Послышались быстрые четкие шаги.
– Это он, бьюсь об заклад, это Уиллби!
Старик вышел на улицу, а чужак устроился поудобнее в уютном кресле.
– Кто этот Уиллби? – спросил он.
– Купец из Уайтхевена, – тихо ответила Молли.
– И к тому же жених? – шепнул он.
– Откуда вы знаете, сударь? – спросила она испуганно.
– Я стоял под окном и догадался, хотя и не все расслышал. Он старый и безобразный?
– О, да!
– И вы согласны выйти за него, милая Молли?
Она умоляюще смотрела на незнакомца, молитвенно сложив руки.
– Нет, нет! – вскричала она.
– Хорошо, устроим против него заговор.
– Еще сегодня я должна сказать свое “да”, – прошептала она доверительно и всхлипнула.
– Ничего у него не выйдет. Я не допущу, – уверенно заявил незнакомец. – А окажись на его месте я? Согласились бы вы, Молли?
– Ах, сударь, – пугливо и укоризненно сказала она, – как вы можете так жестоко шутить!
– Тихо, – пробормотал он, – идут… Доверие, Молли, и я защищу вас.
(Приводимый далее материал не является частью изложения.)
(* Let $f\colon X\to X$ be a homeomorphism of a metric space $X$ and $\mu$ a Borel probability measure inner-distal with respect to $f$. If $f$ is asymptotically expansive, then $\mu$ is positively meagre-expansive. If $f$ is bi-asymptotically expansive, then $\mu$ is meagre-expansive.
   Context: $\mathcal{P}(x)=\{y\colon \inf_{n\in\mathbb{Z}} d(f^n(x),f^n(y))=0\}$; $\mu$ is inner-distal if $\mu(\operatorname{Int}\mathcal{P}(x))=0$ for all $x$. $f$ is asymptotically expansive if there is $\delta>0$ such that $d(f^n(x),f^n(y))\le\delta$ for all $n\ge0$ implies $\lim_{n\to\infty}d(f^n(x),f^n(y))=0$; $f$ is bi-asymptotically expansive if $f$ and $f^{-1}$ are asymptotically expansive. $\Gamma^+_\delta(x)=\{y\colon d(f^n(x),f^n(y))\le\delta\ \forall n\ge0\}$ and $\Gamma_\delta(x)=\{y\colon d(f^n(x),f^n(y))\le\delta\ \forall n\in\mathbb{Z}\}$. $\mu$ is positively meagre-expansive (resp. meagre-expansive) if there is $\delta>0$ with $\mu(\operatorname{Int}\Gamma^+_\delta(x))=0$ (resp. $\mu(\operatorname{Int}\Gamma_\delta(x))=0$) for all $x\in X$. *)

From HB Require Import structures.
From mathcomp Require Import all_boot all_order all_algebra.
From mathcomp Require Import all_classical all_reals all_analysis.
Set Implicit Arguments. Unset Strict Implicit. Unset Printing Implicit Defensive.
Import Order.TTheory GRing.Theory Num.Theory.
Local Open Scope classical_set_scope.
Local Open Scope ring_scope.

(* A metric space with a distinguished point (needed only because
   MathComp-Analysis measurable types are pointed; a space carrying a
   probability measure is nonempty anyway). *)
#[short(type="pointedMetricType")]
HB.structure Definition PointedMetric (K : numDomainType) :=
  { T of Pointed T & Metric K T }.

Section Defs.
Context {R : realType} {X : pointedMetricType R}.

Definition borel_type := g_sigma_algebraType (@open X).

Variables (f g : X -> X). (* g is the inverse of the homeomorphism f *)

Definition iterz (n : int) : X -> X :=
  match n with
  | Posz k => iter k f
  | Negz k => iter k.+1 g
  end.

Let d := @mdist R X.

Definition Pset (x : X) : set X :=
  [set y | inf (range (fun n : int => d (iterz n x) (iterz n y))) = 0].

Definition Gamma_plus (delta : R) (x : X) : set X :=
  [set y | forall n : nat, d (iter n f x) (iter n f y) <= delta].

Definition Gamma (delta : R) (x : X) : set X :=
  [set y | forall n : int, d (iterz n x) (iterz n y) <= delta].

Definition inner_distal (mu : set borel_type -> \bar R) : Prop :=
  forall x : X, mu (interior (Pset x)) = 0%E.

Definition positively_meagre_expansive (mu : set borel_type -> \bar R) : Prop :=
  exists2 delta : R, 0 < delta &
    forall x : X, mu (interior (Gamma_plus delta x)) = 0%E.

Definition meagre_expansive (mu : set borel_type -> \bar R) : Prop :=
  exists2 delta : R, 0 < delta &
    forall x : X, mu (interior (Gamma delta x)) = 0%E.

End Defs.

Definition asymptotically_expansive {R : realType} {X : pointedMetricType R}
    (h : X -> X) : Prop :=
  exists2 delta : R, 0 < delta &
    forall x y : X,
      (forall n : nat, mdist (iter n h x) (iter n h y) <= delta) ->
      (fun n : nat => mdist (iter n h x) (iter n h y)) @ \oo --> (0 : R^o).

(* f bi-asymptotically expansive, g being the inverse of f *)
Definition bi_asymptotically_expansive {R : realType} {X : pointedMetricType R}
    (f g : X -> X) : Prop :=
  asymptotically_expansive f /\ asymptotically_expansive g.

From HB Require Import structures.
From mathcomp Require Import all_boot all_order all_algebra.
From mathcomp Require Import all_classical all_reals all_analysis.
Import Order.TTheory GRing.Theory Num.Theory.
Local Open Scope classical_set_scope.
Local Open Scope ring_scope.

(* Asymptotic expansivity with constant delta says exactly that two forward
   orbits staying delta-close are asymptotic, so Gamma_delta(x) is contained in
   Gamma^+_delta(x), which is contained in P(x). Interiors of open sets being
   Borel, monotonicity of mu and inner-distality give mu(Int Gamma) = 0. *)

Lemma inf_range_eq0 (R : realType) (T : Type) (h : T -> R) :
  (forall i, 0 <= h i) -> (forall e, 0 < e -> exists i, h i < e) ->
  inf (range h) = 0.
Proof.
move=> h_ge0 h_small.
have lb0 : lbound (range h) 0 by move=> _ [i _ <-].
have [i _] := h_small 1 ltr01.
apply/eqP; rewrite eq_le lb_le_inf ?andbT; last 2 first.
- by exists (h i), i.
- exact: lb0.
rewrite leNgt; apply/negP => inf_gt0.
have [j hj] := h_small _ inf_gt0.
have hj_in : range h (h j) by exists j.
by move: (ge_inf (ex_intro _ 0 lb0) hj_in); rewrite leNgt hj.
Qed.

Lemma open_measurable_borel (R : realType) (X : pointedMetricType R)
    (A : set X) :
  open A -> measurable (A : set (borel_type (X := X))).
Proof. exact: sub_sigma_algebra. Qed.

Section OrbitSets.
Context {R : realType} {X : pointedMetricType R} {f g : X -> X}.

Lemma Gamma_sub_Gamma_plus (delta : R) (x : X) :
  Gamma f g delta x `<=` Gamma_plus f delta x.
Proof. by move=> y y_close n; exact: (y_close (Posz n)). Qed.

Lemma Pset_of_forward_asymptotic (x y : X) :
  (fun n : nat => mdist (iter n f x) (iter n f y)) @ \oo --> (0 : R^o) ->
  Pset f g x y.
Proof.
move=> /cvgrPdist_lt asym; apply: inf_range_eq0 => [n|e e_gt0].
  exact: mdist_ge0.
have [N _ closeN] := asym e e_gt0.
exists (Posz N); have := closeN N (leqnn N).
by rewrite sub0r normrN ger0_norm // mdist_ge0.
Qed.

Lemma Gamma_plus_sub_Pset {delta : R} :
  (forall x y : X,
      (forall n : nat, mdist (iter n f x) (iter n f y) <= delta) ->
      (fun n : nat => mdist (iter n f x) (iter n f y)) @ \oo --> (0 : R^o)) ->
  forall x, Gamma_plus f delta x `<=` Pset f g x.
Proof. by move=> asym x y /asym; exact: Pset_of_forward_asymptotic. Qed.

Lemma inner_distal_interior_sub_Pset
    {mu : {measure set borel_type (X := X) -> \bar R}} {A : set X} {x : X} :
  inner_distal f g mu -> A `<=` Pset f g x -> mu (interior A) = 0%E.
Proof.
move=> distal AP; apply/eqP; rewrite eq_le measure_ge0 andbT -(distal x).
have int_meas (B : set X) : measurable (interior B : set borel_type).
  by apply: open_measurable_borel; exact: open_interior.
by apply: le_measure; rewrite ?inE ?int_meas //; exact: interiorS.
Qed.

End OrbitSets.

Theorem lemma3p6 (R : realType) (X : pointedMetricType R) (f g : X -> X)
  (f_cont : continuous f) (g_cont : continuous g)
  (fgK : cancel f g) (gfK : cancel g f)
  (mu : probability (borel_type (X := X)) R) :
  inner_distal f g mu ->
  (asymptotically_expansive f -> positively_meagre_expansive f mu) /\
  (bi_asymptotically_expansive f g -> meagre_expansive f g mu).
Proof.
move=> distal; split.
  move=> [delta delta_gt0 asym]; exists delta => // x.
  exact: (inner_distal_interior_sub_Pset distal (Gamma_plus_sub_Pset asym x)).
move=> [[delta delta_gt0 asym] _]; exists delta => // x.
apply: (inner_distal_interior_sub_Pset distal).
exact: subset_trans (@Gamma_sub_Gamma_plus _ _ f g delta x) (Gamma_plus_sub_Pset asym x).
Qed.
Бловерпул и Уиллби вошли в комнату. Купец был явно не из тех, что нравятся хорошеньким девушкам. Он был некрасив, взгляд имел настороженный, а выражение лица – надменное. Он поприветствовал Молли грубоватой шуткой о ее красоте и протянул руку хозяйке дома, вошедшей, чтобы позвать всех к столу. Чувствовалось, что он отлично понимает, кто главный гость в этом доме и надменностью своей, не скрываемой даже наигранной любезностью, намеренно демонстрировал это.